Norco 4224 + ZFS Transfer Errors

Jerrad · Sep 16, 2013

I wanted to post this to see if anyone else has run into the same issues I have experienced before I go out and buy a new case.

Background
Norco RPC-4224 Case
Supermicro MBD-X9SCM-F-O
2 x LSI 9211-8i IT Mode Flashed and VT-d passed into Openindiana VM on ESXi 5
16 x 1TB WD RE4 (WD1003FBYX)
Two raidz3 ZFS storage pools, each of them 6 disks each and 4 hot spares

Each shelf on the RPC-4224 is connected to a separate SFF-8087 port on the LSI cards and disks which are members of each of the pools is split across cards/connectors.

Issue
I noticed one day that ZFS marked one of the disks in pool1 as bad and a spare had taken over so I decided to remove the bad drive and replace it with a new drive. Resilvering started and I walked away expecting to come back later to a newly resilvered disk only to discover that 4 disks suddenly were marked as either FAULTED or DEGRADED "TOO MANY ERRORS" etc... My heart sank and I immediately started to curse Western Digital, until I RMAed numerous drives only to keep having drives suddenly start throwing errors and being removed from the pool again. As I looked into things further I noticed that drives which were failing were connected to two different LSI cards and two different SFF-8087 cables and other drives which were connected to the same controller were seemingly working fine without errors, even after a scrub. I noticed that all of the drives which kept failing were all installed in the top 3 shelf's of the Norco case and the drives which were installed in the very bottom two shelf's of the case never experienced any issues at all over countless re-silvers and scrubs.
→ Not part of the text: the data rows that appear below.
(* Let $w_k^A,w_k^B$ be the noise vectors associated with SDQ (see context), under the assumptions that rewards satisfy $|r(s,a,s')|\le1$, $\|Q_0^A\|_\infty,\|Q_0^B\|_\infty\le1$ and $\alpha\in(0,1)$. Then for all $k\ge0$, \[ \mathbb{E}\big[(w_k^A-w_k^B)^T(w_k^A-w_k^B)\big]\le\frac{16}{(1-\gamma)^2}. \]
   Context: Finite MDP with states $\mathcal{S}=\{1,\dots,|\mathcal{S}|\}$, actions $\mathcal{A}=\{1,\dots,|\mathcal{A}|\}$, transitions $P(s'|s,a)$, deterministic reward $r(s,a,s')$ with $|r|\le 1$, discount $\gamma\in(0,1)$. Sampling distribution $d(s,a)>0$ on $\mathcal{S}\times\mathcal{A}$; at iteration $k$, $(s_k,a_k)\sim d$ i.i.d., $s_k'\sim P(\cdot|s_k,a_k)$, $r_{k+1}=r(s_k,a_k,s_k')$. Constant step-size $\alpha\in(0,1)$. SDQ: only entry $(s_k,a_k)$ is updated, $Q_{k+1}^A(s_k,a_k)=Q_k^A(s_k,a_k)+\alpha\{r_{k+1}+\gamma Q_k^A(s_k',\arg\max_aQ_k^B(s_k',a))-Q_k^A(s_k,a_k)\}$ and symmetrically for $B$ with roles of $A,B$ swapped. Vector notation: $Q\in\mathbb{R}^{|\mathcal{S}||\mathcal{A}|}$ stacks $Q(\cdot,1),\dots,Q(\cdot,|\mathcal{A}|)$, so $Q(s,a)=(e_a\otimes e_s)^TQ$. $D$ is the diagonal matrix with entry $d(s,a)$ at position $(s,a)$. $P\in\mathbb{R}^{|\mathcal{S}||\mathcal{A}|\times|\mathcal{S}|}$ has row $(s,a)$ equal to $P(\cdot|s,a)$. $R(s,a)=\mathbb{E}[r(s,a,s')|s,a]$. For $Q$, $\pi_Q(s)=\arg\max_aQ(s,a)$ (fixed tie-breaking) and $\Pi_Q\in\mathbb{R}^{|\mathcal{S}|\times|\mathcal{S}||\mathcal{A}|}$ has $s$-th row $e_{\pi_Q(s)}^T\otimes e_s^T$. Noise: $w_k^A=(e_{a_k}\otimes e_{s_k})r_{k+1}+\gamma(e_{a_k}\otimes e_{s_k})e_{s_k'}^T\Pi_{Q_k^B}Q_k^A-(e_{a_k}\otimes e_{s_k})(e_{a_k}\otimes e_{s_k})^TQ_k^A-(DR+\gamma DP\Pi_{Q_k^B}Q_k^A-DQ_k^A)$, and $w_k^B$ is the same with $A$ and $B$ swapped. *)

(* Q-functions are represented as functions S -> A -> R
   (the vector Q in R^{|S||A|} with Q(s,a) = (e_a (x) e_s)^T Q). *)
From mathcomp Require Import all_boot all_order all_algebra.
Set Implicit Arguments. Unset Strict Implicit. Unset Printing Implicit Defensive.
Import Order.TTheory GRing.Theory Num.Theory.
Local Open Scope ring_scope.

Section SDQ.
Variables (R : realFieldType) (S A : finType).

Definition sample := (S * A * S)%type.

(* greedy policy pi_Q(s) = argmax_a Q(s,a), with a fixed selector [am] *)
Definition greedy (am : (A -> R) -> A) (Q : S -> A -> R) (s : S) : A := am (Q s).

Definition sdq_step (gamma alpha : R) (am : (A -> R) -> A)
  (r : S -> A -> S -> R) (QQ : (S -> A -> R) * (S -> A -> R)) (x : sample)
  : (S -> A -> R) * (S -> A -> R) :=
  let '(s, a, s') := x in
  let QA := QQ.1 in let QB := QQ.2 in
  ((fun s0 a0 => if (s0 == s) && (a0 == a)
                 then QA s a + alpha * (r s a s' + gamma * QA s' (greedy am QB s') - QA s a)
                 else QA s0 a0),
   (fun s0 a0 => if (s0 == s) && (a0 == a)
                 then QB s a + alpha * (r s a s' + gamma * QB s' (greedy am QA s') - QB s a)
                 else QB s0 a0)).

(* (Q_k^A, Q_k^B) after processing the samples xs = [x_0; ...; x_{k-1}] *)
Definition sdq_iter (gamma alpha : R) (am : (A -> R) -> A) (r : S -> A -> S -> R)
  (QA0 QB0 : S -> A -> R) (xs : seq sample) : (S -> A -> R) * (S -> A -> R) :=
  foldl (sdq_step gamma alpha am r) (QA0, QB0) xs.

Definition exp_reward (P : S -> A -> S -> R) (r : S -> A -> S -> R) (s : S) (a : A) : R :=
  \sum_(s' : S) P s a s' * r s a s'.

(* noise w_k^A (componentwise unfolding of the vector formula), with
   Q1 = Q_k^A (evaluated) and Q2 = Q_k^B (greedy); w_k^B is noise with Q1,Q2 swapped *)
Definition noise (d : S -> A -> R) (P : S -> A -> S -> R) (r : S -> A -> S -> R)
  (gamma : R) (am : (A -> R) -> A) (Q1 Q2 : S -> A -> R) (x : sample) : S -> A -> R :=
  let '(s, a, s') := x in
  fun s0 a0 =>
    (if (s0 == s) && (a0 == a)
     then r s a s' + gamma * Q1 s' (greedy am Q2 s') - Q1 s a else 0)
    - d s0 a0 * (exp_reward P r s0 a0
                 + gamma * (\sum_(s'' : S) P s0 a0 s'' * Q1 s'' (greedy am Q2 s''))
                 - Q1 s0 a0).

Definition sqnorm (v : S -> A -> R) : R := \sum_(s : S) \sum_(a : A) v s a ^+ 2.

Definition sample_prob (d : S -> A -> R) (P : S -> A -> S -> R) (x : sample) : R :=
  let '(s, a, s') := x in d s a * P s a s'.

Definition expect (d : S -> A -> R) (P : S -> A -> S -> R) (k : nat)
  (f : {ffun 'I_k.+1 -> sample} -> R) : R :=
  \sum_(t : {ffun 'I_k.+1 -> sample}) (\prod_(i < k.+1) sample_prob d P (t i)) * f t.

Definition hist (k : nat) (t : {ffun 'I_k.+1 -> sample}) : seq sample :=
  [seq t (inord i) | i <- iota 0 k].
Definition cur (k : nat) (t : {ffun 'I_k.+1 -> sample}) : sample := t ord_max.

Definition noise_diff_sq (d : S -> A -> R) (P : S -> A -> S -> R) (r : S -> A -> S -> R)
  (gamma alpha : R) (am : (A -> R) -> A) (QA0 QB0 : S -> A -> R) (k : nat)
  (t : {ffun 'I_k.+1 -> sample}) : R :=
  let QQ := sdq_iter gamma alpha am r QA0 QB0 (hist t) in
  let wA := noise d P r gamma am QQ.1 QQ.2 (cur t) in
  let wB := noise d P r gamma am QQ.2 QQ.1 (cur t) in
  sqnorm (fun s a => wA s a - wB s a).

End SDQ.

(** Both estimators are updated at the same entry with the same reward, so the
    reward cancels in Q^A - Q^B: the updated entry becomes (1 - alpha) times its
    old value plus alpha gamma times the cross greedy gap
    Q^A(s', pi_B(s')) - Q^B(s', pi_A(s')), and the greedy property bounds this
    gap by the sup-norm of Q^A - Q^B.  Hence |Q_k^A - Q_k^B| <= 2 along every
    sample path.  The reward cancels in w^A - w^B as well, which is
    e_(s,a) X - D Z with |X|, |Z| <= 2 (1 + gamma); so its squared norm is at
    most 2 X^2 + 2 sum d^2 Z^2 <= 16 (1 + gamma)^2 <= 16 / (1 - gamma)^2, on
    every sample path and hence in expectation. *)
From mathcomp Require Import all_boot all_order all_algebra.
From mathcomp Require Import ring lra.
Set Implicit Arguments. Unset Strict Implicit. Unset Printing Implicit Defensive.
Import Order.TTheory GRing.Theory Num.Theory.
Local Open Scope ring_scope.

Section SDQNoiseBound.
Variables (R : realFieldType) (S A : finType).
Implicit Types (Q : S -> A -> R) (D gamma alpha : R).

Lemma norm_convex_le (I : finType) (p f : I -> R) D :
  (forall i, 0 <= p i) -> \sum_i p i = 1 -> (forall i, `|f i| <= D) ->
  `|\sum_i p i * f i| <= D.
Proof.
move=> p_ge0 p_sum1 f_le; apply: le_trans (ler_norm_sum _ _ _) _.
rewrite -[leRHS]mul1r -p_sum1 mulr_suml; apply: ler_sum => i _.
by rewrite normrM ger0_norm // ler_wpM2l.
Qed.

Lemma norm_scale_subr_le gamma D x y :
  0 <= gamma -> `|x| <= D -> `|y| <= D -> `|gamma * x - y| <= (1 + gamma) * D.
Proof.
move=> gamma_ge0; rewrite !ler_norml => /andP[x1 x2] /andP[y1 y2].
by apply/andP; split; nra.
Qed.

Lemma sqr_le_sqr_of_norm (x C : R) : `|x| <= C -> x ^+ 2 <= C ^+ 2.
Proof.
move=> xC; rewrite -real_normK ?num_real // lerXn2r ?nnegrE //.
exact: le_trans xC.
Qed.

Lemma sqr_1Dr_le_inv_sqr_1Br gamma :
  0 <= gamma < 1 -> (1 + gamma) ^+ 2 <= ((1 - gamma) ^+ 2)^-1.
Proof.
move=> /andP[g0 g1].
rewrite -[leRHS]mul1r ler_pdivlMr ?exprn_gt0 ?subr_gt0 // -exprMn.
by rewrite exprn_ile1 //; nra.
Qed.

Variables (d : S -> A -> R) (P : S -> A -> S -> R).
Hypotheses (d_gt0 : forall s a, 0 < d s a) (d_sum1 : \sum_s \sum_a d s a = 1).
Hypotheses (P_ge0 : forall s a s', 0 <= P s a s')
           (P_sum1 : forall s a, \sum_s' P s a s' = 1).

Lemma d_le1 s a : d s a <= 1.
Proof.
rewrite -d_sum1 (bigD1 s) //= (bigD1 a) //= -addrA lerDl.
by apply: addr_ge0; apply: sumr_ge0 => *; [exact: ltW | apply: sumr_ge0 => *; exact: ltW].
Qed.

Lemma sum_sample_prob : \sum_(x : sample S A) sample_prob d P x = 1.
Proof.
transitivity (\sum_(sa : S * A) \sum_(s' : S) sample_prob d P (sa, s')).
  by rewrite pair_bigA; apply: eq_bigr => -[[s a] s'].
rewrite -d_sum1 [RHS]pair_bigA; apply: eq_bigr => -[s a] _ /=.
by rewrite -mulr_sumr P_sum1 mulr1.
Qed.

Lemma expect_le_cst k (f : {ffun 'I_k.+1 -> sample S A} -> R) c :
  (forall t, f t <= c) -> expect d P f <= c.
Proof.
move=> f_le; apply: le_trans (_ : \sum_(t : {ffun 'I_k.+1 -> sample S A})
    (\prod_(i < k.+1) sample_prob d P (t i)) * c <= _).
  apply: ler_sum => t _; apply: ler_wpM2l (f_le t).
  apply: prodr_ge0 => i _; case: (t i) => [[s a] s'].
  exact: mulr_ge0 (ltW (d_gt0 s a)) (P_ge0 s a s').
rewrite -mulr_suml -(bigA_distr_bigA (fun _ => sample_prob d P)) /=.
by rewrite sum_sample_prob prodr_const expr1n mul1r.
Qed.

Lemma sqr_noise_entry_le (i : bool) (C X Z : R) s a :
  `|X| <= C -> `|Z| <= C ->
  ((if i then 1 else 0) * X - d s a * Z) ^+ 2
    <= 2 * C ^+ 2 * ((if i then 1 else 0) + d s a).
Proof.
move=> /sqr_le_sqr_of_norm X2 /sqr_le_sqr_of_norm Z2.
have d0 := ltW (d_gt0 s a); have d1 := d_le1 s a.
have dZ : (d s a * Z) ^+ 2 <= C ^+ 2 * d s a.
  rewrite exprMn (mulrC (C ^+ 2)).
  apply: le_trans (_ : d s a * Z ^+ 2 <= _); last exact: ler_wpM2l.
  by rewrite ler_wpM2r ?sqr_ge0 // expr2 ler_piMr.
have := sqr_ge0 ((if i then 1 else 0) * X + d s a * Z).
by case: i => /=; rewrite ?mul1r ?mul0r ?add0r; nra.
Qed.

Variable am : (A -> R) -> A.
Hypothesis am_max : forall (f : A -> R) (a : A), f a <= f (am f).
Variable r : S -> A -> S -> R.

Definition cross_gap Q1 Q2 (s : S) : R :=
  Q1 s (greedy am Q2 s) - Q2 s (greedy am Q1 s).

Lemma norm_cross_gap_le Q1 Q2 D s :
  (forall s a, `|Q1 s a - Q2 s a| <= D) -> `|cross_gap Q1 Q2 s| <= D.
Proof.
move=> QD; rewrite /cross_gap /greedy.
have := am_max (Q1 s) (am (Q2 s)); have := am_max (Q2 s) (am (Q1 s)).
have := QD s (am (Q1 s)); have := QD s (am (Q2 s)).
rewrite !ler_norml => /andP[? ?] /andP[? ?] ? ?.
by apply/andP; split; lra.
Qed.

Lemma sdq_step_diffE gamma alpha QQ s a s' s0 a0 :
  let QQ' := sdq_step gamma alpha am r QQ (s, a, s') in
  QQ'.1 s0 a0 - QQ'.2 s0 a0 =
  if (s0 == s) && (a0 == a)
  then (1 - alpha) * (QQ.1 s a - QQ.2 s a) + alpha * gamma * cross_gap QQ.1 QQ.2 s'
  else QQ.1 s0 a0 - QQ.2 s0 a0.
Proof. by rewrite /= /cross_gap; case: ifP => _ //; ring. Qed.

Lemma sdq_iter_diff_le gamma alpha D Q1 Q2 xs :
  0 <= gamma <= 1 -> 0 <= alpha <= 1 ->
  (forall s a, `|Q1 s a - Q2 s a| <= D) ->
  forall s a, `|(sdq_iter gamma alpha am r Q1 Q2 xs).1 s a
                - (sdq_iter gamma alpha am r Q1 Q2 xs).2 s a| <= D.
Proof.
move=> /andP[g0 g1] /andP[al0 al1] QD; rewrite /sdq_iter.
have : forall s a, `|(Q1, Q2).1 s a - (Q1, Q2).2 s a| <= D by [].
elim: xs (Q1, Q2) => [|[[s a] s'] xs IH] QQ QQD //=.
apply: IH => s0 a0; rewrite sdq_step_diffE; case: ifP => _; last exact: QQD.
have := norm_cross_gap_le s' QQD; have := QQD s a.
rewrite !ler_norml => /andP[? ?] /andP[? ?].
have ag : 0 <= alpha * gamma <= alpha by apply/andP; split; nra.
by apply/andP; split; nra.
Qed.

Lemma noise_diffE gamma Q1 Q2 s a s' s0 a0 :
  noise d P r gamma am Q1 Q2 (s, a, s') s0 a0
    - noise d P r gamma am Q2 Q1 (s, a, s') s0 a0 =
  (if (s0 == s) && (a0 == a) then 1 else 0)
    * (gamma * cross_gap Q1 Q2 s' - (Q1 s a - Q2 s a))
  - d s0 a0 * (gamma * \sum_s'' P s0 a0 s'' * cross_gap Q1 Q2 s''
               - (Q1 s0 a0 - Q2 s0 a0)).
Proof.
rewrite /noise /cross_gap.
under [in RHS]eq_bigr do rewrite mulrBr.
by rewrite sumrB; case: ifP => _; ring.
Qed.

Lemma sum_indicator (s : S) (a : A) :
  \sum_(s0 : S) \sum_(a0 : A) (if (s0 == s) && (a0 == a) then 1 else 0) = 1 :> R.
Proof.
rewrite (bigD1 s) //= eqxx /= -big_mkcond big_pred1_eq big1 ?addr0 // => s0 /negbTE s0s.
by rewrite big1 // => a0 _; rewrite s0s.
Qed.

Lemma sqnorm_noise_diff_le gamma D Q1 Q2 x :
  0 <= gamma -> (forall s a, `|Q1 s a - Q2 s a| <= D) ->
  sqnorm (fun s a => noise d P r gamma am Q1 Q2 x s a - noise d P r gamma am Q2 Q1 x s a)
    <= 4 * ((1 + gamma) * D) ^+ 2.
Proof.
case: x => [[s a] s'] gamma_ge0 QD; set C := (1 + gamma) * D.
pose ind s0 a0 : R := if (s0 == s) && (a0 == a) then 1 else 0.
apply: le_trans (_ : \sum_s0 \sum_a0 2 * C ^+ 2 * (ind s0 a0 + d s0 a0) <= _).
  apply: ler_sum => s0 _; apply: ler_sum => a0 _; rewrite noise_diffE.
  apply: sqr_noise_entry_le; apply: norm_scale_subr_le => //.
  - exact: norm_cross_gap_le.
  - by apply: norm_convex_le => // s''; apply: norm_cross_gap_le.
under eq_bigr do rewrite -mulr_sumr big_split /=.
by rewrite -mulr_sumr big_split /= sum_indicator d_sum1; lra.
Qed.

End SDQNoiseBound.

Theorem lemma6 (R : realFieldType) (S A : finType)
  (d : S -> A -> R) (P : S -> A -> S -> R) (r : S -> A -> S -> R)
  (gamma alpha : R) (am : (A -> R) -> A) (QA0 QB0 : S -> A -> R) :
  (forall s a, 0 < d s a) ->
  \sum_(s : S) \sum_(a : A) d s a = 1 ->
  (forall s a s', 0 <= P s a s') ->
  (forall s a, \sum_(s' : S) P s a s' = 1) ->
  (forall s a s', `|r s a s'| <= 1) ->
  0 < gamma < 1 ->
  0 < alpha < 1 ->
  (forall (f : A -> R) (a : A), f a <= f (am f)) ->
  (forall s a, `|QA0 s a| <= 1) ->
  (forall s a, `|QB0 s a| <= 1) ->
  forall k : nat,
    expect d P (noise_diff_sq d P r gamma alpha am QA0 QB0 (k:=k))
    <= 16 / (1 - gamma) ^+ 2.
Proof.
move=> d_gt0 d_sum1 P_ge0 P_sum1 _ /andP[g0 g1] /andP[al0 al1] am_max QA0_le QB0_le k.
apply: expect_le_cst => // t.
have QD0 s a : `|QA0 s a - QB0 s a| <= 2.
  by apply: le_trans (ler_normB _ _) _; apply: lerD.
have gamma01 : 0 <= gamma <= 1 by rewrite !ltW.
have alpha01 : 0 <= alpha <= 1 by rewrite !ltW.
have QD := sdq_iter_diff_le am_max r (hist t) gamma01 alpha01 QD0.
apply: le_trans (sqnorm_noise_diff_le d_gt0 d_sum1 P_ge0 P_sum1 am_max r (cur t) (ltW g0) QD) _.
have gamma_lt1 : 0 <= gamma < 1 by rewrite ltW.
have := sqr_1Dr_le_inv_sqr_1Br gamma_lt1; lra.
Qed.
Lemma Fano_of_few_missing (H : hypergraph 7) (v : 'I_7) (t1 t2 : {set 'I_7}) :
  t1 \in triples_avoiding v -> t2 \in triples_avoiding v -> t1 :&: t2 != set0 ->
  triples_avoiding v :\: del H v \subset [set t1; t2] ->
  #|triples_through v :\: [set e in H | v \in e]| <= 4 ->
  contains Fano H.
Proof.
move=> /triple_seqsP[s1 [s1T lt_s1 ->]] /triple_seqsP[s2 [s2T lt_s2 ->]].
move=> /set0Pn[x]; rewrite !inE => /andP[xs1 xs2] missing_del missing_link.
have /and3P[/eqP size_ps ps_ok ps_disj] : certified v s1 s2 (certificate v s1 s2).
  move/allP/(_ v): certificates_ok; rewrite mem_iota ltn_ord => /(_ isT)/allP/(_ s1 s1T)/allP.
  by apply; rewrite mem_filter s2T andbT; apply/hasP; exists (nat_of_ord x).
set ps := certificate v s1 s2 in size_ps ps_ok ps_disj.
have links_disj :
    pairwise (fun X Y : {set {set 'I_7}} => [disjoint X & Y]) (map (link_set v) ps).
  rewrite pairwise_map.
  move: ps_disj; apply: (sub_in_pairwise (P := [pred p | perm_eq p (iota 0 7)])).
    by move=> p q pP qP; apply: link_sets_disjoint.
  by apply: sub_all ps_ok => p /andP[].
have [|_ /mapP[p p_ps ->] link_p] :=
  disjoint_pigeonhole (A := triples_through v :\: [set e in H | v \in e]) links_disj.
  by rewrite size_map size_ps ltnS.
have /andP[pP avoid_p] := allP ps_ok p p_ps.
exact: (contains_Fano_of_plane pP (plane_lines_in pP avoid_p lt_s1 lt_s2 missing_del link_p)).
Qed.

Theorem lemma2p3 (H : hypergraph 7) (v : 'I_7) :
  uniform3 H -> ~ contains Fano H ->
  11 <= deg H v -> 18 <= #|del H v| ->
  del_iso_B6 H v.
Proof.
move=> H3 noFano deg_v del_v.
set M := triples_avoiding v :\: del H v.
have card_M : #|M| <= 2.
  rewrite cardsD (setIidPr (del_sub_triples_avoiding v H3)) card_triples_avoiding card_ord.
  by rewrite (_ : 'C(6, 3) = 20) //; exact: (leq_sub2l 20 del_v).
have card_missing_links : #|triples_through v :\: [set e in H | v \in e]| <= 4.
  rewrite cardsD (setIidPr (link_sub_triples_through v H3)) card_triples_through card_ord.
  by rewrite (_ : 'C(6, 2) = 15) //; exact: (leq_sub2l 15 deg_v).
have M_meet t1 t2 : t1 \in triples_avoiding v -> t2 \in triples_avoiding v ->
    t1 :&: t2 != set0 -> ~ M \subset [set t1; t2].
  by move=> t1T t2T meet M12; apply/noFano/(Fano_of_few_missing t1T t2T meet M12).
have triples_v : triples_avoiding v != set0.
  by rewrite -card_gt0 card_triples_avoiding card_ord.
have [[t tT Mt]|[X [Y [XT YT MXY]]]] := card_le2_cases (subsetDl _ _) card_M triples_v.
  case: (M_meet t t tT tT); last by rewrite setUid.
  by move: tT; rewrite setIid inE -card_gt0 => /andP[/eqP ->].
have [dXY|meetXY] := boolP [disjoint X & Y].
  exact: del_iso_B6_of_missing_pair H3 XT YT dXY MXY.
by case: (M_meet X Y XT YT); rewrite ?setI_eq0 // -MXY.
Qed.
I started to put two and two together when all of the drives in the the very top shelf all went from ONLINE to NOT CONNECTED and it made me think there is some sort of physical connectivity issue on the back plane, especially since the drives which are in the top shelfs and kept failing are connected to completely different SAS cards/cables, so I simply can't imagine this is related to the card/cable.

I tried a re-seating the drives, re-seating the SAS back-plane, re-seating the SFF-8087 cables, tried a new cable yet the issues remained. The most prominent errors are transfer errors to the drive which is what is causing ZFS to keep marking the drives as bad and in some cases they would be so bad that it wouldn't even let me execute a zpool status on the pool.

I have read about the SAS back planes on the Norco's not working at all or burning up, but I haven't come across people experiencing random transfer errors, which is why I am posting this. Has anyone else experienced similar issues with the Norco SFF-8087 back plane? I have replaced everything possible with the exception of the motherboard/case. I have another RPC-4224 case which is setup in a similar arrangement and I am not seeing any issues, however the case revisions are likely different.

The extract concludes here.